Half wave plate and angular momentum

Summary: the energy change is negligible and if it is not, the energy difference comes from a frequency change of the photon.

One must realize that unless the plate was already quickly rotating before the experiment, the energy stored in the rotation of the plate at the end is negligible relatively to the energy of the photon for the same reason why the electron carries most of the kinetic energy in the hydrogen atom even though both electron and proton are orbiting around the shared center-of-mass. In the latter case, the energy of a particle goes like $p^2/2m$, so for a fixed value of $p^2$ - and indeed, the proton's and electron's $p$ only differ by a sign - the lighter particle carries much more kinetic energy.

This is totally true for the rotational motion as well. The kinetic energy of rotation is $J^2/2I$ where $J$ is the angular momentum and $I$ is the moment of inertia. For a single photon, the angular momentum relative to the direction of the photon's motion, $J_1=-\hbar$, is changed to $J_2=+\hbar$. The overall change is $J=+2\hbar$ which becomes the angular momentum of the plate. When you square it, you clearly get a negligible number - that is divided by an $O(1)$ value of the moment of inertia.

So the energy obtained in the form of the increased rotation, caused by a single photon's change of the polarization, is tiny. If you study where this small amount comes from, you will find out that the photon's frequency is decreased by a tiny fraction so that its reduced energy exactly compensates the increase of the kinetic energy of the plate. But we can only see this change as nonzero if we allow the plate to have an arbitrary angular frequency before the experiment.

It's not too difficult to explicitly check that this statement works: if $J$ jumps by $2\hbar$, the energy $J^2/2I$ jumps by $J\times \Delta J/I=2J\hbar/I$. Because $E=\hbar\omega_\gamma$ for photons, the energy conservation law requires that the frequency of the photon decreases by $\delta \omega = -2J/I$ where $J$ is the plate's angular momentum before it changed the photon's polarization. But indeed, $-2J/I=-2\omega$ where $\omega$ is the angular frequency of the plate before the experiment. That's exactly the frequency change that the photon experiences. Why? Because the periodicity of the photon is conserved if measured relatively to the rotating plate - so its angular frequency changes from $|-\omega_\gamma|$ to $|+\omega_\gamma|$. But relatively to the inertial system, it's changed from $|-\omega_\gamma-\omega|$ to $|+\omega_\gamma-\omega|$ i.e. it drops by $2\omega$. It's just like comparing sidereal days and solar days.

What would happen with a single photon?

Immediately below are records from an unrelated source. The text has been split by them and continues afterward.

Lemma filter_indicator (T : Type) (b : pred T) (xs : seq T) :
  [seq x <- [seq (b y)%:R | y <- xs] | x != 0 :> int] = nseq (count b xs) 1.
Proof. by elim: xs => //= y xs ->; case: (b y). Qed.

Lemma all_trit_indicator (T : Type) (b : pred T) (xs : seq T) :
  all is_trit [seq (b y)%:R | y <- xs].
Proof. by elim: xs => //= y xs ->; case: (b y). Qed.

Lemma alt_sign_indicator (T : Type) (b : pred T) (xs : seq T) :
  count b xs = 1%N -> alt_sign [seq (b y)%:R | y <- xs].
Proof. by rewrite alt_signE all_trit_indicator filter_indicator => ->. Qed.

Lemma alt_sign_indicator_cat (T : Type) (b c : pred T) (xs ys : seq T) x :
  alt_sign ([seq (b y)%:R | y <- xs] ++ x :: [seq (c y)%:R | y <- ys]) =
  alt_sign (nseq (count b xs) 1 ++ x :: nseq (count c ys) 1).
Proof.
rewrite [LHS]alt_signE [RHS]alt_signE !filter_cat /= !filter_indicator.
by rewrite !filter_nseq !mul1n !all_cat /= !all_trit_indicator !all_nseq !orbT.
Qed.

Lemma line_trit n (f : 'I_n -> int) j : alt_sign (line f) -> is_trit (f j).
Proof. by move/alt_sign_trits/allP; apply; apply: map_f; rewrite mem_enum. Qed.

Lemma line_sum n (f : 'I_n -> int) : \sum_(x <- line f) x = \sum_j f j.
Proof. by rewrite big_map big_enum. Qed.

Lemma alt_sign_line_count n (f : 'I_n -> int) : alt_sign (line f) ->
  (\sum_j (f j == 0%R : nat) + 2 * \sum_j (f j == (-1)%R : nat) = n.-1)%N.
Proof.
move=> alt_f; have sum_f := alt_sign_sum alt_f; rewrite line_sum in sum_f.
have fsign j : f j = (f j == 1)%:R - (f j == -1)%:R.
  by move: (line_trit j alt_f); rewrite /is_trit !inE => /or3P [] /eqP ->.
have card3 : (\sum_j (f j == 0%R : nat) + \sum_j (f j == 1%R : nat) +
              \sum_j (f j == (-1)%R : nat) = n)%N.
  rewrite -!big_split /= -[n in RHS]card_ord -sum1_card; apply: eq_bigr => j _.
  by move: (line_trit j alt_f); rewrite /is_trit !inE => /or3P [] /eqP ->.
have : (\sum_j (f j == 1%R : nat))%N%:R - (\sum_j (f j == (-1)%R : nat))%N%:R = 1 :> int.
  rewrite !natr_sum -sumrB -[X in _ = X]sum_f.
  by apply: eq_bigr => j _; rewrite -fsign.
by rewrite !natz; lia.
Qed.

Lemma asm_split k (B : 'M[int]_(2 * k + 1)) : is_ASM B ->
  exists U L : 'I_(2 * k + 1) -> 'I_(2 * k + 1) -> nat,
    [/\ regular k U, regular k L &
        forall i j, alt_sign (nseq (U i j) 1 ++ B i j :: nseq (L i j) 1)].
Proof.
case/andP => /forallP rowB /forallP colB.
pose Z i j := (B i j == 0 : nat); pose D i j := (B i j == -1 : nat).
have rowZD i : (row_sum Z i + 2 * row_sum D i = 2 * k)%N.
  by rewrite (alt_sign_line_count (rowB i)) addn1.
have colZD j : (col_sum Z j + 2 * col_sum D j = 2 * k)%N.
  by rewrite (alt_sign_line_count (colB j)) addn1.
have [F [le_FZ rowF colF]] : exists F, halves F Z.
  by apply: even_lines_halves; split=> [i|j]; [have := rowZD i | have := colZD j]; lia.
have defZ : Z =2 (fun i j => Z i j - F i j + F i j)%N by move=> i j; rewrite subnK.
(* U and L count the 1s below and above the plane of B along each vertical
   line: a -1 of B needs a 1 on both sides, a 0 of B a 1 on exactly one. *)
exists (fun i j => D i j + F i j)%N, (fun i j => D i j + (Z i j - F i j))%N.
split; first split=> [i|j].
- by rewrite row_sumD; have := rowZD i; have := rowF i; lia.
- by rewrite col_sumD; have := colZD j; have := colF j; lia.
- split=> [i|j].
    rewrite row_sumD; have := eq_row_sum defZ i; rewrite row_sumD.
    by have := rowZD i; have := rowF i; lia.
  rewrite col_sumD; have := eq_col_sum defZ j; rewrite col_sumD.
  by have := colZD j; have := colF j; lia.
move=> i j; have := le_FZ i j; rewrite /Z /D.
move: (line_trit j (rowB i)); rewrite /is_trit !inE => /or3P [] /eqP ->.
- by case: (F i j) => [|[|]].
- by rewrite leqn0 => /eqP ->.
- by rewrite leqn0 => /eqP ->.
Qed.

Lemma line_stack (T : Type) k (x : int) (g : T -> int) (x0 : T) (Ls Us : seq T) :
    size Ls = k -> size Us = k ->
  line (fun s : 'I_(2 * k + 1) => if s == k :> nat then x
          else g (if (s < k)%N then nth x0 Ls s else nth x0 Us (s - k.+1)))
  = map g Ls ++ x :: map g Us.
Proof.
move=> sizeLs sizeUs.
pose h m := if m == k then x
  else g (if (m < k)%N then nth x0 Ls m else nth x0 Us (m - k.+1)).
have mapE (s : seq T) : map g s = [seq g (nth x0 s a) | a <- iota 0 (size s)].
  by rewrite (map_comp g (nth x0 s)) map_nth_iota0 ?take_size.
rewrite /line -[X in X = _]/(map (h \o val) (enum 'I_(2 * k + 1))).
rewrite map_comp val_enum_ord.
rewrite (_ : 2 * k + 1 = k + k.+1)%N; last by lia.
rewrite iotaD map_cat /= add0n (_ : h k = x); last by rewrite /h eqxx.
rewrite (mapE Ls) (mapE Us) sizeLs sizeUs; congr (_ ++ _ :: _).
  apply/eq_in_map => a; rewrite mem_iota add0n => /andP [_ lt_ak].
  by rewrite /h ltn_eqF ?lt_ak.
have -> : iota k.+1 k = map (addn k.+1) (iota 0 k) by rewrite -iotaDl addn0.
by rewrite -map_comp; apply/eq_map => a; rewrite /= /h !ifF ?addKn //; lia.
Qed.

Lemma perm_mxE n (s : 'S_n) i j : (perm_mx s : 'M[int]_n) i j = (s i == j)%:R.
Proof. by rewrite !mxE. Qed.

I was working with a single-photon case from the beginning because it's a reasonable approach. A large electromagnetic wave may always be represented as a coherent state of many photons, so one just multiplies the results for a single photon. Of course, for a single photon, the "electromagnetic wave" must actually be represented as a wave function determining the probability amplitudes. At any rate, it is true that such wave plates may guarantee that every single photon that enters with a particular polarization leaves with another polarization.

If you measure the "exact" polarizations of the final photon, you will get the right one with probability of 100 percent. If you measure a different one, you may get odds between 0 and 100 percent. Every photon will be ultimately detected at a single point; the wave function knows about the odds.

Lubos is right: the (tiny) energy comes from the frequency shift of the final photon. That's one of the forms of the rotational Doppler effect.